> **Assignment**:
When you reach the line containing "(* Fix a positive" in the records below, start copying exactly, and stop once you have copied the line containing "Definition fps_one : fps".

Saved data entries
====================

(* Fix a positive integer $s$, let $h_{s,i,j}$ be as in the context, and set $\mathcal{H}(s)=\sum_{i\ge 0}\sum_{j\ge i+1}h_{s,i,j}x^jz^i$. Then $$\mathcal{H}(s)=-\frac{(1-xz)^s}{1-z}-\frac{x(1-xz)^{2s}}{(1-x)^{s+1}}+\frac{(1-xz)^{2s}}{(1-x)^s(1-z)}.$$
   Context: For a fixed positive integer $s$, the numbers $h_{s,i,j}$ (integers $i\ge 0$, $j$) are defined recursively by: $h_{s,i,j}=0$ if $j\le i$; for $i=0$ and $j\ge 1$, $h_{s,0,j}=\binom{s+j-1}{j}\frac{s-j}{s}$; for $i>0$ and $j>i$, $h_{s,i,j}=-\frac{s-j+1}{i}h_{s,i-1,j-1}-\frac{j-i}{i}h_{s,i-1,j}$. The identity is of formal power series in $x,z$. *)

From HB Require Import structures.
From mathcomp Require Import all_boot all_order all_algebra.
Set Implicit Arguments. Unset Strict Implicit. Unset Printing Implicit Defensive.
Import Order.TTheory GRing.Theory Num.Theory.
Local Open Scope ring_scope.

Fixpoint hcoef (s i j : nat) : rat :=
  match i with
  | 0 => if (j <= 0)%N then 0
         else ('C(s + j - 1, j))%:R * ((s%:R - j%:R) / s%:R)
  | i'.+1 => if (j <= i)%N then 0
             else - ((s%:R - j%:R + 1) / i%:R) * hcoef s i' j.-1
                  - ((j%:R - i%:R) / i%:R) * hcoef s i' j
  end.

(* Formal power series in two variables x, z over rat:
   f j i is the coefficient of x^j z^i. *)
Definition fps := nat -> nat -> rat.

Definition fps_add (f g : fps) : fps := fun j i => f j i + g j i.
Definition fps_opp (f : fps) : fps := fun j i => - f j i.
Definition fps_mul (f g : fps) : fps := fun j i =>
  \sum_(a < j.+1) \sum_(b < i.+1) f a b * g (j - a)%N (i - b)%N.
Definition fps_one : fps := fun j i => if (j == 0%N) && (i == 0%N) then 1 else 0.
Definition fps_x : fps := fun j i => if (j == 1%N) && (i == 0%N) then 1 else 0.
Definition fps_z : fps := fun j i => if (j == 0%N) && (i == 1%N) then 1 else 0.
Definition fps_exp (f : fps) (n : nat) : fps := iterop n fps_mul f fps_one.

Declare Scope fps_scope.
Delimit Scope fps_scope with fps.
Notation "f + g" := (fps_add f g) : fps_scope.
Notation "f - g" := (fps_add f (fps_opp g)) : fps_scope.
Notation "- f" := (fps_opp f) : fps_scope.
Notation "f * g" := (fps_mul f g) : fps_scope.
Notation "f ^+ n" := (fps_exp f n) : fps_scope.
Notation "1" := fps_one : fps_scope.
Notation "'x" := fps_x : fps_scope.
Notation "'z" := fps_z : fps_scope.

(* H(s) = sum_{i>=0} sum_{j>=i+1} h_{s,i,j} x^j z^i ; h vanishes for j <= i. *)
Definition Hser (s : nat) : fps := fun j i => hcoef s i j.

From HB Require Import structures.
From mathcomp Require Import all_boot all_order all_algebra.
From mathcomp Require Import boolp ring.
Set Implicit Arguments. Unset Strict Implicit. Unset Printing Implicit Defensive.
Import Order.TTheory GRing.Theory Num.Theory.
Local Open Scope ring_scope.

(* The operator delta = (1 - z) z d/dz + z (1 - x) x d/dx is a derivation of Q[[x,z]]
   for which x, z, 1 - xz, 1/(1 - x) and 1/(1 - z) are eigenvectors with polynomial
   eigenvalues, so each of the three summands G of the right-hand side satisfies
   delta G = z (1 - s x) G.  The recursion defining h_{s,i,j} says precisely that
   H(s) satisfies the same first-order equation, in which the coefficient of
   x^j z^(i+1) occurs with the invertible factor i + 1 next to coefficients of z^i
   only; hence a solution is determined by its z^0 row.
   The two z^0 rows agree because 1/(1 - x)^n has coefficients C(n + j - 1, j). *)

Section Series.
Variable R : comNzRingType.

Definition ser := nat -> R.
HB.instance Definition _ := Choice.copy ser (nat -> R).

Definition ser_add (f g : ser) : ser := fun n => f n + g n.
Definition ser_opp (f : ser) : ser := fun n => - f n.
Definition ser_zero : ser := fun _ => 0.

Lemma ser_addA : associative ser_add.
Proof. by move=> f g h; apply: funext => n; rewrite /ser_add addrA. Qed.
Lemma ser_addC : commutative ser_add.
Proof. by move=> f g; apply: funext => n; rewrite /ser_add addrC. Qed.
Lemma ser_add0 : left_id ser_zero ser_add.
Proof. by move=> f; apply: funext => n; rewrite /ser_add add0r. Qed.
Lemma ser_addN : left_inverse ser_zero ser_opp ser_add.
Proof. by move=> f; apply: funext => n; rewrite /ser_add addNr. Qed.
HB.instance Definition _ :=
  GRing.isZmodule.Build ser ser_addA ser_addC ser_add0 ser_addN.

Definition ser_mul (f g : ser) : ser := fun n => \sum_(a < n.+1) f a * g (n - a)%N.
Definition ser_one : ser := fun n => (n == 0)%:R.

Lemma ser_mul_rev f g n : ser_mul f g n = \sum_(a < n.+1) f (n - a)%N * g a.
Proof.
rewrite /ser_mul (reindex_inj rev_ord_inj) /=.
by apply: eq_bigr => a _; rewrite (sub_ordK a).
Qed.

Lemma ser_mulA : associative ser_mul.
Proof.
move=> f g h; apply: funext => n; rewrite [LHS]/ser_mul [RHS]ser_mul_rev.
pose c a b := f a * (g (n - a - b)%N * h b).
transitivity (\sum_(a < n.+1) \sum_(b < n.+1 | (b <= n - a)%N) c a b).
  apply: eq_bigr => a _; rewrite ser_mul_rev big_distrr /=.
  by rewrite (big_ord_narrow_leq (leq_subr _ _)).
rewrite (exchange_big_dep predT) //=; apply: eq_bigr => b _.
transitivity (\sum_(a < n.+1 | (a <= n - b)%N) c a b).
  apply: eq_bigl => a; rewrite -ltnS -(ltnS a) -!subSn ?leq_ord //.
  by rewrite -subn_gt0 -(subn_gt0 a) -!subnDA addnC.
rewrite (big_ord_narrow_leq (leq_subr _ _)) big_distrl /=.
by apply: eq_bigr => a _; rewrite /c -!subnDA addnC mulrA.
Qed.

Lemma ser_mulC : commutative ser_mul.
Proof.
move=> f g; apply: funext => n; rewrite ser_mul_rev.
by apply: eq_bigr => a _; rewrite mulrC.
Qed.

====================

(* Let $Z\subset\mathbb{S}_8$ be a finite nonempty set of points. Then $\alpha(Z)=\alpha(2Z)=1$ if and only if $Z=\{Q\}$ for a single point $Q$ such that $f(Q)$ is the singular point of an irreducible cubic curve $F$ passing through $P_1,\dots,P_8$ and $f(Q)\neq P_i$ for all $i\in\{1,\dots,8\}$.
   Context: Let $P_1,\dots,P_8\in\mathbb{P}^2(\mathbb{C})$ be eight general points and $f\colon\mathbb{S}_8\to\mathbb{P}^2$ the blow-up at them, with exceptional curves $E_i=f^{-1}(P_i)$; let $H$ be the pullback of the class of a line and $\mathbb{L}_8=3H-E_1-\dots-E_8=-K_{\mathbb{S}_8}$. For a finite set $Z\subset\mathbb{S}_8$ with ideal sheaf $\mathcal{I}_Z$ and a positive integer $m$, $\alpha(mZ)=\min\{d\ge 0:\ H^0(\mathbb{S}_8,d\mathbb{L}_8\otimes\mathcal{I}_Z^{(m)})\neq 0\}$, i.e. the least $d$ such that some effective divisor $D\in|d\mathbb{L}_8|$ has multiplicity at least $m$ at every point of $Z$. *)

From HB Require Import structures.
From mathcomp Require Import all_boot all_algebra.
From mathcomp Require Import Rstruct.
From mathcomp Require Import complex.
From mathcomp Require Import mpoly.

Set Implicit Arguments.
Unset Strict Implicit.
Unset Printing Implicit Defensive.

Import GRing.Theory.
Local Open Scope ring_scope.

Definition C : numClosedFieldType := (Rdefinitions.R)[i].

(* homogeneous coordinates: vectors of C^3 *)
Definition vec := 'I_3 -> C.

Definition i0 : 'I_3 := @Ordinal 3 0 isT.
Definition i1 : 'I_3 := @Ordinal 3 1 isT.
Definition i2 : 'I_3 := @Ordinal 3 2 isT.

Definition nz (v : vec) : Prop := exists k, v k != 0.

====================

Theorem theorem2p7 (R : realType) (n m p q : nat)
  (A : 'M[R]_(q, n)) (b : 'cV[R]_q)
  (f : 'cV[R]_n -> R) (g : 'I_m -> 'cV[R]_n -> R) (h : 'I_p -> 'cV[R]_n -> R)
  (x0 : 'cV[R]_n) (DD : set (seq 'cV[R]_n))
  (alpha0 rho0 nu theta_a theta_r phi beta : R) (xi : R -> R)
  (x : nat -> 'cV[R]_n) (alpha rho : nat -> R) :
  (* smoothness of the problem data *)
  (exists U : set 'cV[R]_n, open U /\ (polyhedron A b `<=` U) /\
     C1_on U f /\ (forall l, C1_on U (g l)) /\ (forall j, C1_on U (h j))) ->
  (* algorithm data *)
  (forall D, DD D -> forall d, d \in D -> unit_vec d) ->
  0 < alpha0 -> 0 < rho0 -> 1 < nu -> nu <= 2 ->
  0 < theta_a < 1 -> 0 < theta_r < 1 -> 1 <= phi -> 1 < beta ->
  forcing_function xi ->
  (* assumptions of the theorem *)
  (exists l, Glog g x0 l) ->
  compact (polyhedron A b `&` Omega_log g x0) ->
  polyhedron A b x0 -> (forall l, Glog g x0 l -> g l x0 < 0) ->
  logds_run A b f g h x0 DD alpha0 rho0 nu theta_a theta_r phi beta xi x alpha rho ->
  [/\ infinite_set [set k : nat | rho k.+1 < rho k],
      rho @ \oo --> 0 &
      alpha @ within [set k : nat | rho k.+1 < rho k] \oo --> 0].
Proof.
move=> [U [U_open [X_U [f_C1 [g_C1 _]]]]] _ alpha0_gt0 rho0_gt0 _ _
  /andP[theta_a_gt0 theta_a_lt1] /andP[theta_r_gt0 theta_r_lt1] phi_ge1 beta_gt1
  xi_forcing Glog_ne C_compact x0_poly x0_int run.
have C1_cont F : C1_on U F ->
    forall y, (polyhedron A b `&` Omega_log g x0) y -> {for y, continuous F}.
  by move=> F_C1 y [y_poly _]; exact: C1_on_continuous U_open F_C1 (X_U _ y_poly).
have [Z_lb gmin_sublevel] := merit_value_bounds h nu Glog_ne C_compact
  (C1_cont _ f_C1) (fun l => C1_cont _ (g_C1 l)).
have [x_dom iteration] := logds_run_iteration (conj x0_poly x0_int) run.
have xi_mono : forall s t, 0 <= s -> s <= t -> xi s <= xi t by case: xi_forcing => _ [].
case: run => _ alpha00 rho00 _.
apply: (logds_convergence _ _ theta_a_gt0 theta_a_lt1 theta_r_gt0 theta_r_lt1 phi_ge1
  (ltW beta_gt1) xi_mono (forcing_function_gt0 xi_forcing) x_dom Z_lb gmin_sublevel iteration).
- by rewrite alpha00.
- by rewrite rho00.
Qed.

====================

> **Exercise solution**:
(* Fix a positive integer $s$, let $h_{s,i,j}$ be as in the context, and set $\mathcal{H}(s)=\sum_{i\ge 0}\sum_{j\ge i+1}h_{s,i,j}x^jz^i$. Then $$\mathcal{H}(s)=-\frac{(1-xz)^s}{1-z}-\frac{x(1-xz)^{2s}}{(1-x)^{s+1}}+\frac{(1-xz)^{2s}}{(1-x)^s(1-z)}.$$
   Context: For a fixed positive integer $s$, the numbers $h_{s,i,j}$ (integers $i\ge 0$, $j$) are defined recursively by: $h_{s,i,j}=0$ if $j\le i$; for $i=0$ and $j\ge 1$, $h_{s,0,j}=\binom{s+j-1}{j}\frac{s-j}{s}$; for $i>0$ and $j>i$, $h_{s,i,j}=-\frac{s-j+1}{i}h_{s,i-1,j-1}-\frac{j-i}{i}h_{s,i-1,j}$. The identity is of formal power series in $x,z$. *)

From HB Require Import structures.
From mathcomp Require Import all_boot all_order all_algebra.
Set Implicit Arguments. Unset Strict Implicit. Unset Printing Implicit Defensive.
Import Order.TTheory GRing.Theory Num.Theory.
Local Open Scope ring_scope.

Fixpoint hcoef (s i j : nat) : rat :=
  match i with
  | 0 => if (j <= 0)%N then 0
         else ('C(s + j - 1, j))%:R * ((s%:R - j%:R) / s%:R)
  | i'.+1 => if (j <= i)%N then 0
             else - ((s%:R - j%:R + 1) / i%:R) * hcoef s i' j.-1
                  - ((j%:R - i%:R) / i%:R) * hcoef s i' j
  end.

(* Formal power series in two variables x, z over rat:
   f j i is the coefficient of x^j z^i. *)
Definition fps := nat -> nat -> rat.

Definition fps_add (f g : fps) : fps := fun j i => f j i + g j i.
Definition fps_opp (f : fps) : fps := fun j i => - f j i.
Definition fps_mul (f g : fps) : fps := fun j i =>
  \sum_(a < j.+1) \sum_(b < i.+1) f a b * g (j - a)%N (i - b)%N.
Definition fps_one : fps := fun j i => if (j == 0%N) && (i == 0%N) then 1 else 0.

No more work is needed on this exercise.